EXERCISE:
Retype exactly the lines that run from the start of the data to the line holding "Proof. exact: bilinear_formE. Qed.", including both, and only those.

***** EXTRACTED MATERIAL

Lemma bilinear_formE n (X : 'M[R]_n) (u v : 'cV[R]_n) :
  (u^T *m X *m v) 0 0 = \sum_i \sum_j u i 0 * X i j * v j 0.
Proof.
rewrite mxE; under eq_bigr do rewrite mxE big_distrl /=.
rewrite exchange_big; apply: eq_bigr => i _; apply: eq_bigr => j _.
by rewrite !mxE.
Qed.

Lemma qformE n (X : 'M[R]_n) v :
  qform X v = \sum_i \sum_j v i 0 * X i j * v j 0.
Proof. exact: bilinear_formE. Qed.

Lemma sqnormE n (v : 'cV[R]_n) : sqnorm v = \sum_i v i 0 ^+ 2.
Proof.
rewrite /sqnorm /qform mulmx1 mxE.
by apply: eq_bigr => i _; rewrite !mxE expr2.
Qed.

Lemma qformN n (X : 'M[R]_n) v : qform (- X) v = - qform X v.
Proof. by rewrite /qform mulmxN mulNmx mxE. Qed.

Lemma qformZ n (X : 'M[R]_n) a v : qform X (a *: v) = a ^+ 2 * qform X v.
Proof.
by rewrite /qform linearZ /= linearZ /= -!scalemxAl scalerA mxE expr2.
Qed.

Lemma sqr_coord_le_sqnorm n (v : 'cV[R]_n) i : v i 0 ^+ 2 <= sqnorm v.
Proof.
by rewrite sqnormE (bigD1 i) //= lerDl sumr_ge0 // => j _; exact: sqr_ge0.
Qed.

Lemma sqnorm_ge0 n (v : 'cV[R]_n) : 0 <= sqnorm v.
Proof. by rewrite sqnormE sumr_ge0 // => i _; exact: sqr_ge0. Qed.

Lemma sqnorm_gt0 n (v : 'cV[R]_n) : v != 0 -> 0 < sqnorm v.
Proof.
move=> v0; rewrite lt_def sqnorm_ge0 andbT; apply: contra v0.
rewrite sqnormE psumr_eq0 => [/allP v_eq0|i _]; last exact: sqr_ge0.
apply/eqP/matrixP => i j; rewrite (ord1 j) mxE.
by apply/eqP; rewrite -sqrf_eq0; exact: v_eq0 (mem_index_enum _).
Qed.

Lemma qform_trmx_continuous n (X : 'M[R]_n) :
  continuous (fun u : 'rV[R]_n => qform X u^T).
Proof.
have coord i : continuous (fun u : 'rV[R]_n => u^T i 0).
  move=> u; under eq_fun do rewrite mxE; exact: coord_continuous.
under eq_fun do rewrite qformE.
apply: continuous_big => [|i _]; first exact: add_continuous.
apply: continuous_big => [|j _ u]; first exact: add_continuous.
have cst : {for u, continuous (fun=> X i j)} by exact: cst_continuous.
exact: continuousM (continuousM (coord i u) cst) (coord j u).
Qed.

Definition normalize n (v : 'cV[R]_n) : 'cV[R]_n := (Num.sqrt (sqnorm v))^-1 *: v.

Lemma normalizeP n (X : 'M[R]_n) (v : 'cV[R]_n) : v != 0 ->
  sqnorm (normalize v) = 1 /\ qform X v = sqnorm v * qform X (normalize v).
Proof.
move=> /sqnorm_gt0 v_gt0; rewrite /sqnorm /normalize !qformZ -/(sqnorm v).
rewrite exprVn sqr_sqrtr ?ltW // mulrA divff ?gt_eqF // mulVf ?gt_eqF //.
by rewrite mul1r.
Qed.

Lemma unit_sphere_compact n : compact [set u : 'rV[R]_n | sqnorm u^T = 1].
Proof.
apply: (subclosed_compact _ (rV_compact (fun=> @segment_compact R (-1) 1))).
  apply: (@preimage_closed _ _ (fun u : 'rV[R]_n => sqnorm u^T) [set 1]).
    by move=> u _; exact: qform_trmx_continuous.
  exact: closed_eq.
move=> u /= u1 i; have := sqr_coord_le_sqnorm u^T i; rewrite u1 mxE => ui_le1.
rewrite in_itv /= -ler_norml -(@ler_pXn2r _ 2) ?nnegrE //.
by rewrite expr1n real_normK ?num_real.
Qed.

(* Rayleigh-quotient bound: a quadratic form is bounded below by a multiple of
   the squared norm, with a positive constant when the form is positive
   definite; the constant is the minimum of the form on the unit sphere. *)
Lemma qform_lower_bound n (X : 'M[R]_n) : exists c,
  (forall v, c * sqnorm v <= qform X v) /\
  ((forall v, v != 0 -> 0 < qform X v) -> 0 < c).
Proof.
case: n X => [|n] X.
  exists 1; split=> [v|_]; last exact: ltr01.
  by rewrite (flatmx0 v) /sqnorm /qform !(mulmx0, mul0mx) mxE mulr0.
pose K := [set u : 'rV[R]_n.+1 | sqnorm u^T = 1].
have KP v : v != 0 -> K (normalize v)^T.
  by move=> /(normalizeP X)[+ _]; rewrite /K /= trmxK.
have K_neq0 : K !=set0.
  exists (normalize (const_mx 1))^T; apply: KP.
  by apply/eqP => /matrixP/(_ 0 0); rewrite !mxE; exact/eqP/oner_neq0.
have X_cont : {within K, continuous (fun u : 'rV[R]_n.+1 => qform X u^T)}.
  by apply: continuous_subspaceT; exact: qform_trmx_continuous.
have [u /[!inE] Ku u_min] :=
  compact_EVT_min K_neq0 (@unit_sphere_compact n.+1) X_cont.
exists (qform X u^T); split=> [v|X_pos]; last first.
  apply: X_pos; apply: contra_eqN Ku => /eqP ->.
  by rewrite /sqnorm /qform !(mulmx0, mul0mx) mxE eq_sym oner_eq0.
have [->|v0] := eqVneq v 0.
  by rewrite /sqnorm /qform !(mulmx0, mul0mx) !mxE mulr0.
have [_ ->] := normalizeP X v0; rewrite mulrC ler_wpM2l ?sqnorm_ge0 //.
by have := u_min _ (mem_set (KP v v0)); rewrite trmxK.
Qed.

Lemma qform_upper_bound n (X : 'M[R]_n) :
  exists2 C, 0 < C & forall v, qform X v <= C * sqnorm v.
Proof.
have [c [c_lb _]] := qform_lower_bound (- X).
exists (`|c| + 1) => [|v]; first by rewrite ltr_wpDl.
have := c_lb v; rewrite qformN lerNr => /le_trans; apply.
by rewrite -mulNr ler_wpM2r ?sqnorm_ge0 // (le_trans (ler_norm _)) ?normrN ?lerDl.
Qed.

Lemma qform_uniform_lower_bound n (I : finType) (W : I -> 'M[R]_n) :
  (forall k v, v != 0 -> 0 < qform (W k) v) ->
  exists2 c, 0 < c & forall k v, c * sqnorm v <= qform (W k) v.
Proof.
move=> W_pos.
suff [c c0 c_lb] : exists2 c, 0 < c & forall k, k \in enum I ->
    forall v, c * sqnorm v <= qform (W k) v.
  by exists c => // k; apply: c_lb; rewrite mem_enum.
elim: (enum I) => [|k s [c c0 c_lb]]; first by exists 1.
have [d [d_lb /(_ (W_pos k)) d0]] := qform_lower_bound (W k).
exists (Num.min c d) => [|k']; first by rewrite lt_min c0 d0.
rewrite in_cons => /predU1P[->|k's] v.
  by apply: le_trans (d_lb v); rewrite ler_wpM2r ?sqnorm_ge0 ?ge_min ?lexx ?orbT.
by apply: le_trans (c_lb _ k's v); rewrite ler_wpM2r ?sqnorm_ge0 ?ge_min ?lexx.
Qed.

End QuadraticForms.

Section PiecewiseDerivative.
Variables (R : realType) (m : nat) (sigma : R -> 'I_m).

**********

RESPONSE FOR THIS EXERCISE:
Lemma bilinear_formE n (X : 'M[R]_n) (u v : 'cV[R]_n) :
  (u^T *m X *m v) 0 0 = \sum_i \sum_j u i 0 * X i j * v j 0.
Proof.
rewrite mxE; under eq_bigr do rewrite mxE big_distrl /=.
rewrite exchange_big; apply: eq_bigr => i _; apply: eq_bigr => j _.
by rewrite !mxE.
Qed.

Lemma qformE n (X : 'M[R]_n) v :
  qform X v = \sum_i \sum_j v i 0 * X i j * v j 0.
Proof. exact: bilinear_formE. Qed.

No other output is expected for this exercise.